Definition k_divisible (F : fieldType) (k : nat) (f : F -> F) : Prop :=
  exists f' : F -> F, forall x, f x = f' (x ^+ k).

Definition diff_count (F : finFieldType) (f : F -> F) (a b : F) : nat :=
  #|[set x : F | f (x + a) - f x == b]|.

Definition diff_uniform (F : finFieldType) (f : F -> F) (d : nat) : Prop :=
  \max_(a : F | a != 0 :> F) \max_(b : F) diff_count f a b = d.

Definition npreim (F : finFieldType) (f : F -> F) (y : F) : nat :=
  #|[set x : F | f x == y]|.

Definition almost_k_to_1 (F : finFieldType) (k : nat) (f : F -> F) : Prop :=
  exists y0 : F,
    [/\ npreim f y0 = 1%N,
        (forall y, npreim f y = 1%N -> y = y0) &
        (forall y, (exists x, f x = y) -> y != y0 -> npreim f y = k)].

From mathcomp Require Import all_boot all_order all_algebra.
From mathcomp Require Import all_field all_solvable.
From mathcomp Require Import ring.
Set Implicit Arguments. Unset Strict Implicit. Unset Printing Implicit Defensive.
Import GRing.Theory.
Local Open Scope ring_scope.

(* Let F = F_q and k = d+1 with k | q - 1, so that the group mu of k-th roots
   of unity in F has exactly k elements, and let g : F -> F be invariant under
   multiplication by mu (this is what k-divisibility gives).  The proof links
   both sides of the equivalence to one statement about g, namely that for
   every a <> 0 the zero set of the derivative D_a g(x) = g(x+a) - g(x) is as
   small as invariance allows:   {x | D_a g(x) = 0} = {a/(z-1) | z in mu, z <> 1}.
   - This holds iff every fiber of g is an orbit {z x | z in mu}; for d > 0
     that is exactly the almost-(d+1)-to-1 property (the orbit of 0 is {0}).
   - It follows from differential d-uniformity, since the right-hand set
     already has d elements.  Conversely, a Dembowski-Ostrom polynomial is
     quadratic (each D_a g is affine, by additivity of Frobenius), so all
     nonempty fibers of D_a g have the same size as its zero set, namely d. *)

Section DifferenceOperators.
Variable V : zmodType.
Implicit Types (g : V -> V) (a x y : V).

Definition dderiv g a x := g (x + a) - g x.
Lemma cox_eps a : (a.+1 < n)%N -> cox (eps n a) = eps n a.+1.
Proof.
move=> lt_a1n; rewrite /cox (iota0_split (ltnW lt_a1n)) sprod_cat /=.
rewrite sprod_iota_eps_fix; last by lia.
by rewrite sref_eps // swap_adjL sprod_iota_eps_fix //; lia.
Qed.

Lemma cox_eps_last : (0 < n)%N -> cox (eps n n.-1) = - eps n 0.
Proof.
move=> n_gt0; have lt_n1n : (n.-1 < n)%N by lia.
rewrite /cox (iota0_split lt_n1n) sprod_cat (_ : n - n.-1.+1 = 0)%N /=; last by lia.
rewrite sref_eps_last ?eqxx; last by lia.
by rewrite sprodN -{1}[n.-1]add0n sprod_iota_eps_down //; lia.
Qed.
End Reflections.

Section Tau.
Variable n : nat.
Implicit Type v : vec n.

Lemma alpha_lt i : (i.+1 < n)%N -> alpha n i = eps n i - eps n i.+1.
Proof. by rewrite /alpha => ->. Qed.

Lemma alpha_last : alpha n n.-1 = eps n n.-1 *+ 2.
Proof. by rewrite /alpha ifN //; lia. Qed.

Lemma sprod_iota_alpha i : (i.+1 < n)%N -> sprod (iota 0 i) (alpha n i) = eps n 0 - eps n i.+1.
Proof.
move=> lt_i1n; rewrite alpha_lt // sprodB -{1}[i]add0n sprod_iota_eps_down; last by lia.
by rewrite sprod_iota_eps_fix //; lia.
Qed.

Lemma sprod_iota_alpha_last : (0 < n)%N -> sprod (iota 0 n.-1) (alpha n n.-1) = eps n 0 *+ 2.
Proof.
by move=> n_gt0; rewrite alpha_last !mulr2n sprodD -{1}[n.-1]add0n sprod_iota_eps_down //; lia.
Qed.

Lemma sprod_rev_iota_alpha (i : 'I_n) :
  sprod (rev (iota i.+1 (n - i.+1))) (alpha n i) = eps n i + eps n n.-1.
Proof.
have [lt_i1n | ge_i1n] := ltnP i.+1 n; last first.
  have -> : i = n.-1 :> nat by have := ltn_ord i; lia.
  by rewrite alpha_last (_ : n - n.-1.+1 = 0)%N ?mulr2n //; lia.
rewrite alpha_lt // sprodB sprod_rev_iota_eps_fix; last by lia.
rewrite -(subnSK lt_i1n) -[(n - i.+2).+1]addn1 iotaD rev_cat /= sprod_rev_iota_eps_up; last by lia.
rewrite (_ : i.+1 + (n - i.+2) = n.-1)%N; last by lia.
by rewrite sref_eps_last ?eqxx ?opprK //; lia.
Qed.

Lemma eps_inj : injective (fun i : 'I_n => eps n i).
Proof.
move=> i j /(congr1 (fun v : vec n => v i)).
by rewrite !ffunE eqxx; case: eqP => // /val_inj.
Qed.

Lemma alpha_diag_gt0 (i : 'I_n) : 0 < alpha n i i.
Proof. by rewrite /alpha; case: ifP => _; rewrite !ffunE ?mulr2n ?ffunE /=; lia. Qed.

Lemma alpha_gt0_diag (i x : 'I_n) : 0 < alpha n i x -> x = i.
Proof.
move=> alpha_ix_gt0; apply: val_inj; move: alpha_ix_gt0.
by rewrite /alpha; case: ifP => _; rewrite !ffunE ?mulr2n ?ffunE /=; lia.
Qed.

Lemma alpha_inj : injective (fun i : 'I_n => alpha n i).
Proof. by move=> i j eq_ij; apply: alpha_gt0_diag; rewrite -eq_ij alpha_diag_gt0. Qed.

Lemma nonneg_neq_neg_alpha v (i : 'I_n) : (forall x, 0 <= v x) -> v != - alpha n i.
Proof.
move=> v_ge0; apply/eqP => v_eq; have := v_ge0 i.
by rewrite v_eq ffunE oppr_ge0 leNgt alpha_diag_gt0.
Qed.

Lemma eps_add_neq_neg_alpha a b (i : 'I_n) : eps n a + eps n b != - alpha n i.
Proof. by apply: nonneg_neq_neg_alpha => x; rewrite !ffunE. Qed.

Lemma eps_sub_neq_neg_alpha a b (i : 'I_n) : (a < b < n)%N -> eps n a - eps n b != - alpha n i.
Proof.
move=> lt_abn; apply/eqP => v_eq; have := congr1 (fun v : vec n => v i) v_eq.
rewrite /alpha in v_eq *; case: ifP v_eq => [lt_i1n | _]; last first.
  by rewrite !ffunE ?mulr2n ?ffunE /=; lia.
move=> /(congr1 (fun v : vec n => v (Ordinal lt_i1n))); rewrite !ffunE /=; lia.
Qed.

Lemma eps_sub_neq_eps_add_last a b (i : 'I_n) : (a < b < n)%N ->
  eps n a - eps n b != eps n i + eps n n.-1.
Proof.
case/andP=> lt_ab lt_bn; apply/eqP => /(congr1 (fun v : vec n => v (Ordinal lt_bn))).
by rewrite !ffunE /=; lia.
Qed.

Lemma eps_add_neq_eps_add_last a b (i : 'I_n) : (a < n.-1)%N -> (b < n.-1)%N ->
  eps n a + eps n b != eps n i + eps n n.-1.
Proof.
move=> lt_a lt_b; have lt_n1n : (n.-1 < n)%N by lia.
by apply/eqP => /(congr1 (fun v : vec n => v (Ordinal lt_n1n))); rewrite !ffunE /=; lia.
Qed.

Lemma tau_neg_alpha (i : 'I_n) : tau (- alpha n i) = sprod (iota 0 i) (alpha n i).
Proof.
rewrite /tau; case: pickP => [j /eqP/oppr_inj/alpha_inj -> // | /(_ i)].
by rewrite eqxx.
Qed.

Lemma tau_eps_add_last (i : 'I_n) : tau (eps n i + eps n n.-1) = - alpha n i.
Proof.
rewrite /tau; case: pickP => [j | _]; first by rewrite (negbTE (eps_add_neq_neg_alpha _ _ _)).
case: pickP => [j | /(_ i)]; last by rewrite sprod_rev_iota_alpha eqxx.
by rewrite sprod_rev_iota_alpha => /eqP/addIr/eps_inj ->.
Qed.

Lemma tau_cox v : (forall i : 'I_n, v != - alpha n i) ->
  (forall i : 'I_n, v != eps n i + eps n n.-1) -> tau v = cox v.
Proof.
move=> not_neg not_last; rewrite /tau.
case: pickP => [i | _]; first by rewrite (negbTE (not_neg i)).
by case: pickP => [i | //]; rewrite sprod_rev_iota_alpha (negbTE (not_last i)).
Qed.
End Tau.

Definition cyc_succ n (i : nat) : nat := if i == n.+1 then 1%N else i.+1.

Section Array.
Variable n : nat.

Lemma cyc_succ_lt i : (i <= n)%N -> cyc_succ n i = i.+1.
Proof. by rewrite /cyc_succ; case: eqP; lia. Qed.

Lemma cyc_succ_last : cyc_succ n n.+1 = 1%N.
Proof. by rewrite /cyc_succ eqxx. Qed.

Lemma cyc_succ_range i : (0 < i <= n.+1)%N -> (0 < cyc_succ n i <= n.+1)%N.
Proof. by rewrite /cyc_succ; case: eqP; lia. Qed.

Lemma cyc_succ_neq i j : (0 < i <= n.+1)%N -> (0 < j <= n.+1)%N -> i != j ->
  cyc_succ n i != cyc_succ n j.
Proof. by rewrite /cyc_succ; case: (i =P n.+1); case: (j =P n.+1); lia. Qed.

Lemma entry1 j : entry n 1 j = - alpha n (j - 2).
Proof. by []. Qed.

Lemma entry_lt i j : (1 < i < j)%N -> entry n i j = eps n (i - 2) - eps n (j - 2).
Proof. by rewrite /entry; case: eqP => [|_] lt_1ij; [lia | rewrite ifT //; lia]. Qed.

Lemma entry_gt i j : (0 < j < i)%N -> entry n i j = eps n (j - 1) + eps n (i - 2).
Proof. by rewrite /entry; case: eqP => [|_] lt_0ji; [lia | rewrite ifN //; lia]. Qed.

Lemma tau_entry_first_row j : (1 < j <= n.+1)%N -> tau (entry n 1 j) = entry n 2 (cyc_succ n j).
Proof.
move=> j_range; have lt_j2n : (j - 2 < n)%N by lia.
rewrite entry1 -[(j - 2)%N]/(nat_of_ord (Ordinal lt_j2n)) tau_neg_alpha /= /cyc_succ.
case: eqP => [-> | ne_jn1].
  rewrite entry_gt // (_ : n.+1 - 2 = n.-1)%N; last by lia.
  by rewrite sprod_iota_alpha_last ?mulr2n //; lia.
rewrite sprod_iota_alpha ?entry_lt; try congr (_ - eps n _); lia.
Qed.

Lemma tau_entry_upper i j : (1 < i < j)%N -> (j <= n.+1)%N ->
  tau (entry n i j) = entry n (cyc_succ n i) (cyc_succ n j).
Proof.
move=> lt_1ij le_jn1; rewrite entry_lt // tau_cox; first last.
- by move=> l; apply: eps_sub_neq_eps_add_last; lia.
- by move=> l; apply: eps_sub_neq_neg_alpha; lia.
rewrite coxB cox_eps ?(cyc_succ_lt (i := i)); try lia.
have [le_jn | gt_jn] := leqP j n.
  by rewrite cox_eps ?cyc_succ_lt ?entry_lt; try congr (eps n _ - eps n _); lia.
have -> : j = n.+1 by lia.
rewrite cyc_succ_last (_ : n.+1 - 2 = n.-1)%N ?cox_eps_last ?opprK ?entry_gt; try lia.
by rewrite addrC; congr (eps n _ + eps n _); lia.
Qed.

Lemma tau_entry_lower i j : (0 < j < i)%N -> (i <= n.+1)%N ->
  tau (entry n i j) = entry n (cyc_succ n i) (cyc_succ n j).
Proof.
move=> lt_0ji le_in1; rewrite entry_gt // (cyc_succ_lt (i := j)); last by lia.
have [le_in | gt_in] := leqP i n.
  rewrite tau_cox; first last.
  - by move=> l; apply: eps_add_neq_eps_add_last; lia.
  - by move=> l; apply: eps_add_neq_neg_alpha.
  by rewrite coxD !cox_eps ?cyc_succ_lt ?entry_gt; try congr (eps n _ + eps n _); lia.
have -> : i = n.+1 by lia.
have lt_j1n : (j - 1 < n)%N by lia.
rewrite (_ : n.+1 - 2 = n.-1)%N; last by lia.
rewrite -[(j - 1)%N]/(nat_of_ord (Ordinal lt_j1n)).
by rewrite tau_eps_add_last cyc_succ_last entry1; congr (- alpha n _); lia.
Qed.

Lemma tau_entry i j : (0 < i <= n.+1)%N -> (0 < j <= n.+1)%N -> i != j ->
  tau (entry n i j) = entry n (cyc_succ n i) (cyc_succ n j).
Proof.
move=> i_range j_range ne_ij; have [eq_i1 | ne_i1] := eqVneq i 1%N.
  by rewrite eq_i1 (cyc_succ_lt (i := 1)) ?tau_entry_first_row //; lia.
by case: (ltngtP i j) => [lt_ij | lt_ji | eq_ij];
  [apply: tau_entry_upper | apply: tau_entry_lower | rewrite eq_ij eqxx in ne_ij]; lia.
Qed.

Lemma pos_root_eps_sub a b : (a < b < n)%N -> pos_root (eps n a - eps n b).
Proof.
case/andP=> lt_ab lt_bn; have lt_an := ltn_trans lt_ab lt_bn.
apply/orP; left; apply/existsP; exists (Ordinal lt_an); apply/existsP; exists (Ordinal lt_bn).
by rewrite lt_ab eqxx.
Qed.
(* An SSP step is a convex combination of forward Euler steps of length at most
   [tau / c_SSP], so it suffices that one such Euler step maps averages in
   [[rho_m, rho_M]] into [[rho_m, rho_M]].  For the upper bound, split the flux
   difference as
     V_{j-1/2} (g(rho^-_{j-1/2}) - g(rho^-_{j+1/2})) + (V_{j-1/2} - V_{j+1/2}) g(rho^-_{j+1/2}).
   Since [rho^-_{j+1/2}] is the last quadrature node, of weight [gamma_R],
   [gamma_R (rho_M - rho^-_{j+1/2}) <= rho_M - rho_j], which controls the first term
   by monotonicity of [g]; summation by parts against the nonincreasing kernel [w_eta]
   shows that the convolution increases across a cell by at most
   [h w_eta(0) (rho_M - rho_j)], which controls the second term by monotonicity of [v].
   Both terms are thus proportional to [rho_M - rho_j], and the CFL condition makes
   the step fit.  The lower bound is symmetric. *)

From Stdlib Require Import Reals Lra Lia ZArith FunctionalExtensionality.
From Coquelicot Require Import Coquelicot.
Open Scope R_scope.

(* Freezing [f] outside [[a, b]] makes it continuous on all of [R], so the two-sided
   mean value theorem applies up to the endpoints, where [C1_on] only provides
   one-sided derivatives. *)
Definition clamp (a b z : R) : R := Rmax a (Rmin b z).

Lemma clamp_id a b z : a <= z <= b -> clamp a b z = z.
Proof. intros Hz; unfold clamp; rewrite Rmin_right, Rmax_right; lra. Qed.

Lemma clamp_range a b z : a <= b -> a <= clamp a b z <= b.
Proof. intros Hab; unfold clamp, Rmax, Rmin; repeat destruct Rle_dec; lra. Qed.

Lemma clamp_dist_le a b z z0 : a <= z0 <= b -> Rabs (clamp a b z - z0) <= Rabs (z - z0).
Proof.
  intros Hz0; unfold clamp, Rmax, Rmin, Rabs.
  repeat destruct Rle_dec; repeat destruct Rcase_abs; lra.
Qed.

Lemma C1_on_local_lipschitz f f' a b z0 : C1_on f f' a b -> a <= z0 <= b ->
  exists d K, 0 < d /\ 0 < K /\
    forall z, a <= z <= b -> Rabs (z - z0) < d -> Rabs (f z - f z0) <= K * Rabs (z - z0).
Proof.
  intros [Hd _] Hz0. destruct (Hd z0 Hz0 1 Rlt_0_1) as [d [Hd0 Hq]].
  exists d, (Rabs (f' z0) + 1). split; [lra|]. split; [pose proof (Rabs_pos (f' z0)); lra|].
  intros z Hz Hzd. destruct (Req_dec z z0) as [->|Hne].
  { rewrite !Rminus_diag, Rabs_R0. lra. }
  specialize (Hq z (conj (conj Hz Hne) Hzd)); simpl in Hq; unfold Rdist in Hq.
  replace (f z - f z0) with ((f z - f z0) / (z - z0) * (z - z0)) by (field; lra).
  rewrite Rabs_mult. apply Rmult_le_compat_r; [apply Rabs_pos|].
  pose proof (Rabs_triang_inv ((f z - f z0) / (z - z0)) (f' z0)). lra.
Qed.
(* Fix $k\in\mathbb{Z}_{\geq 1}$ and a set of patterns $B\subseteq\mathcal S$ such that $\mathrm{Av}(B)$ is nonempty and closed under $\oplus$ or closed under $\ominus$. Then the overlap graph $\mathcal{O}v(k,\mathrm{Av}(B))$ is strongly connected and its cycle polytope satisfies $\dim P(\mathcal{O}v(k,\mathrm{Av}(B)))=|\mathrm{Av}_k(B)|-|\mathrm{Av}_{k-1}(B)|$. In particular this holds for $B=\{\tau\}$, for any single pattern $\tau\in\mathcal S$.
   Context: For $n\ge1$, $\mathcal S_n$ is the set of permutations of $[n]$ in one-line notation, $\mathcal S=\bigcup_{n\ge1}\mathcal S_n$; by convention $\mathrm{Av}_0(B)$ consists of the empty permutation. For distinct reals $x_1,\dots,x_m$, $\mathrm{std}(x_1,\dots,x_m)$ is the unique $\pi\in\mathcal S_m$ with $\pi(i)<\pi(j)\iff x_i<x_j$; for $I=\{i_1<\dots<i_m\}$, $\mathrm{pat}_I(\sigma)=\mathrm{std}(\sigma(i_1),\dots,\sigma(i_m))$. $\sigma$ avoids $\pi$ if no $I$ has $\mathrm{pat}_I(\sigma)=\pi$. $\mathrm{Av}_n(B)$ is the set of permutations of size $n$ avoiding every element of $B$, $\mathrm{Av}(B)=\bigcup_{n\ge1}\mathrm{Av}_n(B)$. Overlap graph: $\mathcal{O}v(k,\mathrm{Av}(B))$ is the directed multigraph with vertex set $\mathrm{Av}_{k-1}(B)$ and, for each $\pi\in\mathrm{Av}_k(B)$, one edge labelled $\pi$ from $\mathrm{pat}_{\{1,\dots,k-1\}}(\pi)$ to $\mathrm{pat}_{\{2,\dots,k\}}(\pi)$. A simple cycle is a closed walk with distinct edges and distinct vertices; for a nonempty cycle $\mathcal C$, $\vec e_{\mathcal C}\in\mathbb R^{E}$ has $e$-coordinate (number of occurrences of $e$ in $\mathcal C$)$/|\mathcal C|$; the cycle polytope is $P(G)=\mathrm{conv}\{\vec e_{\mathcal C}:\mathcal C\text{ simple cycle of }G\}$. Direct sum $\tau\oplus\sigma=\tau(1)\cdots\tau(m)(\sigma(1)+m)\cdots(\sigma(n)+m)$ for $\tau\in\mathcal S_m,\sigma\in\mathcal S_n$; skew sum $\tau\ominus\sigma=(\tau(1)+n)\cdots(\tau(m)+n)\sigma(1)\cdots\sigma(n)$. Dimension of a polytope means dimension of its affine hull. *)

From HB Require Import structures.
From mathcomp Require Import all_boot all_order all_algebra.
From mathcomp Require Import boolp.
Set Implicit Arguments. Unset Strict Implicit. Unset Printing Implicit Defensive.
Import Order.TTheory GRing.Theory Num.Theory.

Definition is_perm (s : seq nat) : bool := perm_eq s (iota 1 (size s)).

(* std(x_1..x_m): replace each entry by its rank (values assumed distinct). *)
Definition std (s : seq nat) : seq nat :=
  [seq (count (fun y => y < x) s).+1 | x <- s].

(* sigma contains pi: some index set I (a bit mask) with pat_I(sigma) = pi. *)
Definition contains (sigma pi : seq nat) : Prop :=
  exists m : bitseq, size m = size sigma /\ std (mask m sigma) = pi.

Definition avoids_all (B : seq nat -> Prop) (sigma : seq nat) : Prop :=
  forall pi, B pi -> ~ contains sigma pi.

(* Av_n(B), as a duplicate-free list; Av_0(B) = [:: [::]]. *)
Definition Av (B : seq nat -> Prop) (n : nat) : seq (seq nat) :=
  [seq s <- permutations (iota 1 n) | `[< avoids_all B s >]].

Definition inAv (B : seq nat -> Prop) (s : seq nat) : Prop :=
  [/\ 0 < size s, is_perm s & avoids_all B s].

__________________________________________________

## Work item
Only one part of the material above is to be transcribed, namely the lines starting with the line that has "Lemma sprod_iota_alpha_last : (0" and going on through the line that has "rewrite alpha_lt // sprodB sprod_rev_iota_eps_fix;", exactly as they stand.

## Answer to this task
Lemma sprod_iota_alpha_last : (0 < n)%N -> sprod (iota 0 n.-1) (alpha n n.-1) = eps n 0 *+ 2.
Proof.
by move=> n_gt0; rewrite alpha_last !mulr2n sprodD -{1}[n.-1]add0n sprod_iota_eps_down //; lia.
Qed.

Lemma sprod_rev_iota_alpha (i : 'I_n) :
  sprod (rev (iota i.+1 (n - i.+1))) (alpha n i) = eps n i + eps n n.-1.
Proof.
have [lt_i1n | ge_i1n] := ltnP i.+1 n; last first.
  have -> : i = n.-1 :> nat by have := ltn_ord i; lia.
  by rewrite alpha_last (_ : n - n.-1.+1 = 0)%N ?mulr2n //; lia.
rewrite alpha_lt // sprodB sprod_rev_iota_eps_fix; last by lia.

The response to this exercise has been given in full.